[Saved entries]
=== Begin Enclosure ===
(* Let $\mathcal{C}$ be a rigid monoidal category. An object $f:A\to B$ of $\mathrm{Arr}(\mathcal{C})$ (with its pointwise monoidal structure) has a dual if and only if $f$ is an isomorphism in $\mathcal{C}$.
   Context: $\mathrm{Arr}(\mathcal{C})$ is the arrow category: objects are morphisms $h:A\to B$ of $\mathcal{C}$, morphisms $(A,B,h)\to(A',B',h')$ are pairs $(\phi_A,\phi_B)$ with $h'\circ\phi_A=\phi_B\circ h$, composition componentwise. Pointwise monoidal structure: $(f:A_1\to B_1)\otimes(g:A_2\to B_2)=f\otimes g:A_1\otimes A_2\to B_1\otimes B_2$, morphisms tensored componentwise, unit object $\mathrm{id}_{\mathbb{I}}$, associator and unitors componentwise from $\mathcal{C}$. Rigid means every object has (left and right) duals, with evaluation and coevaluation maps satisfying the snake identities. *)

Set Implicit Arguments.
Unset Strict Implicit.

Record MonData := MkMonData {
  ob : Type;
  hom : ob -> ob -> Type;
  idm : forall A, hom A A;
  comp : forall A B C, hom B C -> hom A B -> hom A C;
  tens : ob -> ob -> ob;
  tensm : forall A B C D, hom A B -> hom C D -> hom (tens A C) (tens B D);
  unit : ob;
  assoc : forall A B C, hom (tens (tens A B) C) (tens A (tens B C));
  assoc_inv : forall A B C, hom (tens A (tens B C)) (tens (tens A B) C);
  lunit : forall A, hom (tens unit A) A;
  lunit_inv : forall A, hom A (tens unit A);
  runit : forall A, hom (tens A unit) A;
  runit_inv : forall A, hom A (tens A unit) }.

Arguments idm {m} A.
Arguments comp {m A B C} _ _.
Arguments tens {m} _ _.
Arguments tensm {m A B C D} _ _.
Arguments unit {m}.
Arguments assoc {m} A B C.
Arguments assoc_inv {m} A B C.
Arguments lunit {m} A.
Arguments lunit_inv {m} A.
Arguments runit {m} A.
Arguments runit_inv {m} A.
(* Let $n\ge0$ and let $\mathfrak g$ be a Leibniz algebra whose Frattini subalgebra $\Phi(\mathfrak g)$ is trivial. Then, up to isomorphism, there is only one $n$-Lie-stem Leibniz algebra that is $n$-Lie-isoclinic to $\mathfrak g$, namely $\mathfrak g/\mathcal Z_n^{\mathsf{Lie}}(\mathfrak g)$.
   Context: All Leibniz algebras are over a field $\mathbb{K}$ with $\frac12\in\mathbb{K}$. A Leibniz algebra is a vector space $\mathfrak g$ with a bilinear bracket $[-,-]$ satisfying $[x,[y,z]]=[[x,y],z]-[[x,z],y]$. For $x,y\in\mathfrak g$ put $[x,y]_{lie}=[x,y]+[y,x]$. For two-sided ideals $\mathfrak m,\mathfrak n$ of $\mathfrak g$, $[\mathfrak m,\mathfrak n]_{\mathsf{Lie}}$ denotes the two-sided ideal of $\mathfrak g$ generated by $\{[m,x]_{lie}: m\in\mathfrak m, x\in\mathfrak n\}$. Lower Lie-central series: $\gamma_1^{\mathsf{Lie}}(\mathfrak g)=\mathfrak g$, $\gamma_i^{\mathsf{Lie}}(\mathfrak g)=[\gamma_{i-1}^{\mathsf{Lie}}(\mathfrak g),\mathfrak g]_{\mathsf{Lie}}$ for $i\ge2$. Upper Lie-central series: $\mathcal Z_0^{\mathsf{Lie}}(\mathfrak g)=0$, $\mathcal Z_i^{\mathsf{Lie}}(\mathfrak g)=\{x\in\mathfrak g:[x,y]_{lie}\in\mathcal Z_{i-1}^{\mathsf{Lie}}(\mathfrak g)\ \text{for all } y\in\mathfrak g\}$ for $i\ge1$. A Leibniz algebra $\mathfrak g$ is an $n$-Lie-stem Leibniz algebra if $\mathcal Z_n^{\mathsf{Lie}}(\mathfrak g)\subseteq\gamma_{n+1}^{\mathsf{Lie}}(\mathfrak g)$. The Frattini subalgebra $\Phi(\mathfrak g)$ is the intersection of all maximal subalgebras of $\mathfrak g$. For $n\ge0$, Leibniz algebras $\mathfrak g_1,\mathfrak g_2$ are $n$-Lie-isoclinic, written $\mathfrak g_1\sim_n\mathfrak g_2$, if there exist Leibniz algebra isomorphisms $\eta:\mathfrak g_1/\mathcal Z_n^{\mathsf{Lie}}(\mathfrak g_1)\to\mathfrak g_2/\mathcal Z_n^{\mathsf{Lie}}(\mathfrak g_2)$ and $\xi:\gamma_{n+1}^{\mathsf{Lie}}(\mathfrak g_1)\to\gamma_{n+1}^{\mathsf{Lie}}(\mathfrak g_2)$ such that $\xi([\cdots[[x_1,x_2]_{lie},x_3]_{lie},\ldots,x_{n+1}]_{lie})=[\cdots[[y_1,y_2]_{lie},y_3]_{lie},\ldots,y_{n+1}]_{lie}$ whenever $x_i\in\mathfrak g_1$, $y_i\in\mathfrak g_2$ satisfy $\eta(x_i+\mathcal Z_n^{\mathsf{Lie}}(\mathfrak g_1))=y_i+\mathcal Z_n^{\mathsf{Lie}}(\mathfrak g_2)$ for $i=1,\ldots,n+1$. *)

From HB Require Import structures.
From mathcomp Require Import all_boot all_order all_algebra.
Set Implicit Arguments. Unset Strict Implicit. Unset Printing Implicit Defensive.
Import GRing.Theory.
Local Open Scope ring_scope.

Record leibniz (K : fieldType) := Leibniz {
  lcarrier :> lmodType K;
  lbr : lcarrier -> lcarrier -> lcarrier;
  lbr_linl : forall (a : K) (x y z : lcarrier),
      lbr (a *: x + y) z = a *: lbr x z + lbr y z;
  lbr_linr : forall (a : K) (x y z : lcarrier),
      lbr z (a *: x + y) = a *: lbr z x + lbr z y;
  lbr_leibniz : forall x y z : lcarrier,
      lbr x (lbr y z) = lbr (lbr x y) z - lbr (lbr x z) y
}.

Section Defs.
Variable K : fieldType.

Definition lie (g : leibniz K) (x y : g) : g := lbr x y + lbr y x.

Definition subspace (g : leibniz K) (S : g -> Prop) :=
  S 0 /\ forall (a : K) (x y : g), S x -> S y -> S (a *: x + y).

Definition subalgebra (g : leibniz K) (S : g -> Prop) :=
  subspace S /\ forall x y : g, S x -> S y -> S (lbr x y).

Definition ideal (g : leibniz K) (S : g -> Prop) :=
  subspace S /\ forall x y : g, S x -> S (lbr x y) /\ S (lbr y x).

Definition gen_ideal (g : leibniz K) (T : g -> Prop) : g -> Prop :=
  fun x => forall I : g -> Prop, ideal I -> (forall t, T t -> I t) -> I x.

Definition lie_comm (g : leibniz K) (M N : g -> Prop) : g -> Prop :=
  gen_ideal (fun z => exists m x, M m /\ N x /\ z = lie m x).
=== End Enclosure ===
ACTION ITEM: With nothing left out, transcribe the records above exactly.

ANSWER FOR THE TASK:
(* Let $\mathcal{C}$ be a rigid monoidal category. An object $f:A\to B$ of $\mathrm{Arr}(\mathcal{C})$ (with its pointwise monoidal structure) has a dual if and only if $f$ is an isomorphism in $\mathcal{C}$.
   Context: $\mathrm{Arr}(\mathcal{C})$ is the arrow category: objects are morphisms $h:A\to B$ of $\mathcal{C}$, morphisms $(A,B,h)\to(A',B',h')$ are pairs $(\phi_A,\phi_B)$ with $h'\circ\phi_A=\phi_B\circ h$, composition componentwise. Pointwise monoidal structure: $(f:A_1\to B_1)\otimes(g:A_2\to B_2)=f\otimes g:A_1\otimes A_2\to B_1\otimes B_2$, morphisms tensored componentwise, unit object $\mathrm{id}_{\mathbb{I}}$, associator and unitors componentwise from $\mathcal{C}$. Rigid means every object has (left and right) duals, with evaluation and coevaluation maps satisfying the snake identities. *)

Set Implicit Arguments.
Unset Strict Implicit.

Record MonData := MkMonData {
  ob : Type;
  hom : ob -> ob -> Type;
  idm : forall A, hom A A;
  comp : forall A B C, hom B C -> hom A B -> hom A C;
  tens : ob -> ob -> ob;
  tensm : forall A B C D, hom A B -> hom C D -> hom (tens A C) (tens B D);
  unit : ob;
  assoc : forall A B C, hom (tens (tens A B) C) (tens A (tens B C));
  assoc_inv : forall A B C, hom (tens A (tens B C)) (tens (tens A B) C);
  lunit : forall A, hom (tens unit A) A;
  lunit_inv : forall A, hom A (tens unit A);
  runit : forall A, hom (tens A unit) A;
  runit_inv : forall A, hom A (tens A unit) }.

Arguments idm {m} A.
Arguments comp {m A B C} _ _.
Arguments tens {m} _ _.
Arguments tensm {m A B C D} _ _.
Arguments unit {m}.
Arguments assoc {m} A B C.
Arguments assoc_inv {m} A B C.
Arguments lunit {m} A.
Arguments lunit_inv {m} A.
Arguments runit {m} A.
Arguments runit_inv {m} A.
(* Let $n\ge0$ and let $\mathfrak g$ be a Leibniz algebra whose Frattini subalgebra $\Phi(\mathfrak g)$ is trivial. Then, up to isomorphism, there is only one $n$-Lie-stem Leibniz algebra that is $n$-Lie-isoclinic to $\mathfrak g$, namely $\mathfrak g/\mathcal Z_n^{\mathsf{Lie}}(\mathfrak g)$.
   Context: All Leibniz algebras are over a field $\mathbb{K}$ with $\frac12\in\mathbb{K}$. A Leibniz algebra is a vector space $\mathfrak g$ with a bilinear bracket $[-,-]$ satisfying $[x,[y,z]]=[[x,y],z]-[[x,z],y]$. For $x,y\in\mathfrak g$ put $[x,y]_{lie}=[x,y]+[y,x]$. For two-sided ideals $\mathfrak m,\mathfrak n$ of $\mathfrak g$, $[\mathfrak m,\mathfrak n]_{\mathsf{Lie}}$ denotes the two-sided ideal of $\mathfrak g$ generated by $\{[m,x]_{lie}: m\in\mathfrak m, x\in\mathfrak n\}$. Lower Lie-central series: $\gamma_1^{\mathsf{Lie}}(\mathfrak g)=\mathfrak g$, $\gamma_i^{\mathsf{Lie}}(\mathfrak g)=[\gamma_{i-1}^{\mathsf{Lie}}(\mathfrak g),\mathfrak g]_{\mathsf{Lie}}$ for $i\ge2$. Upper Lie-central series: $\mathcal Z_0^{\mathsf{Lie}}(\mathfrak g)=0$, $\mathcal Z_i^{\mathsf{Lie}}(\mathfrak g)=\{x\in\mathfrak g:[x,y]_{lie}\in\mathcal Z_{i-1}^{\mathsf{Lie}}(\mathfrak g)\ \text{for all } y\in\mathfrak g\}$ for $i\ge1$. A Leibniz algebra $\mathfrak g$ is an $n$-Lie-stem Leibniz algebra if $\mathcal Z_n^{\mathsf{Lie}}(\mathfrak g)\subseteq\gamma_{n+1}^{\mathsf{Lie}}(\mathfrak g)$. The Frattini subalgebra $\Phi(\mathfrak g)$ is the intersection of all maximal subalgebras of $\mathfrak g$. For $n\ge0$, Leibniz algebras $\mathfrak g_1,\mathfrak g_2$ are $n$-Lie-isoclinic, written $\mathfrak g_1\sim_n\mathfrak g_2$, if there exist Leibniz algebra isomorphisms $\eta:\mathfrak g_1/\mathcal Z_n^{\mathsf{Lie}}(\mathfrak g_1)\to\mathfrak g_2/\mathcal Z_n^{\mathsf{Lie}}(\mathfrak g_2)$ and $\xi:\gamma_{n+1}^{\mathsf{Lie}}(\mathfrak g_1)\to\gamma_{n+1}^{\mathsf{Lie}}(\mathfrak g_2)$ such that $\xi([\cdots[[x_1,x_2]_{lie},x_3]_{lie},\ldots,x_{n+1}]_{lie})=[\cdots[[y_1,y_2]_{lie},y_3]_{lie},\ldots,y_{n+1}]_{lie}$ whenever $x_i\in\mathfrak g_1$, $y_i\in\mathfrak g_2$ satisfy $\eta(x_i+\mathcal Z_n^{\mathsf{Lie}}(\mathfrak g_1))=y_i+\mathcal Z_n^{\mathsf{Lie}}(\mathfrak g_2)$ for $i=1,\ldots,n+1$. *)

From HB Require Import structures.
From mathcomp Require Import all_boot all_order all_algebra.
Set Implicit Arguments. Unset Strict Implicit. Unset Printing Implicit Defensive.
Import GRing.Theory.
Local Open Scope ring_scope.

Record leibniz (K : fieldType) := Leibniz {
  lcarrier :> lmodType K;
  lbr : lcarrier -> lcarrier -> lcarrier;
  lbr_linl : forall (a : K) (x y z : lcarrier),
      lbr (a *: x + y) z = a *: lbr x z + lbr y z;
  lbr_linr : forall (a : K) (x y z : lcarrier),
      lbr z (a *: x + y) = a *: lbr z x + lbr z y;
  lbr_leibniz : forall x y z : lcarrier,
      lbr x (lbr y z) = lbr (lbr x y) z - lbr (lbr x z) y
}.

Section Defs.
Variable K : fieldType.

Definition lie (g : leibniz K) (x y : g) : g := lbr x y + lbr y x.

Definition subspace (g : leibniz K) (S : g -> Prop) :=
  S 0 /\ forall (a : K) (x y : g), S x -> S y -> S (a *: x + y).

Definition subalgebra (g : leibniz K) (S : g -> Prop) :=
  subspace S /\ forall x y : g, S x -> S y -> S (lbr x y).

Definition ideal (g : leibniz K) (S : g -> Prop) :=
  subspace S /\ forall x y : g, S x -> S (lbr x y) /\ S (lbr y x).

Definition gen_ideal (g : leibniz K) (T : g -> Prop) : g -> Prop :=
  fun x => forall I : g -> Prop, ideal I -> (forall t, T t -> I t) -> I x.

Definition lie_comm (g : leibniz K) (M N : g -> Prop) : g -> Prop :=
  gen_ideal (fun z => exists m x, M m /\ N x /\ z = lie m x).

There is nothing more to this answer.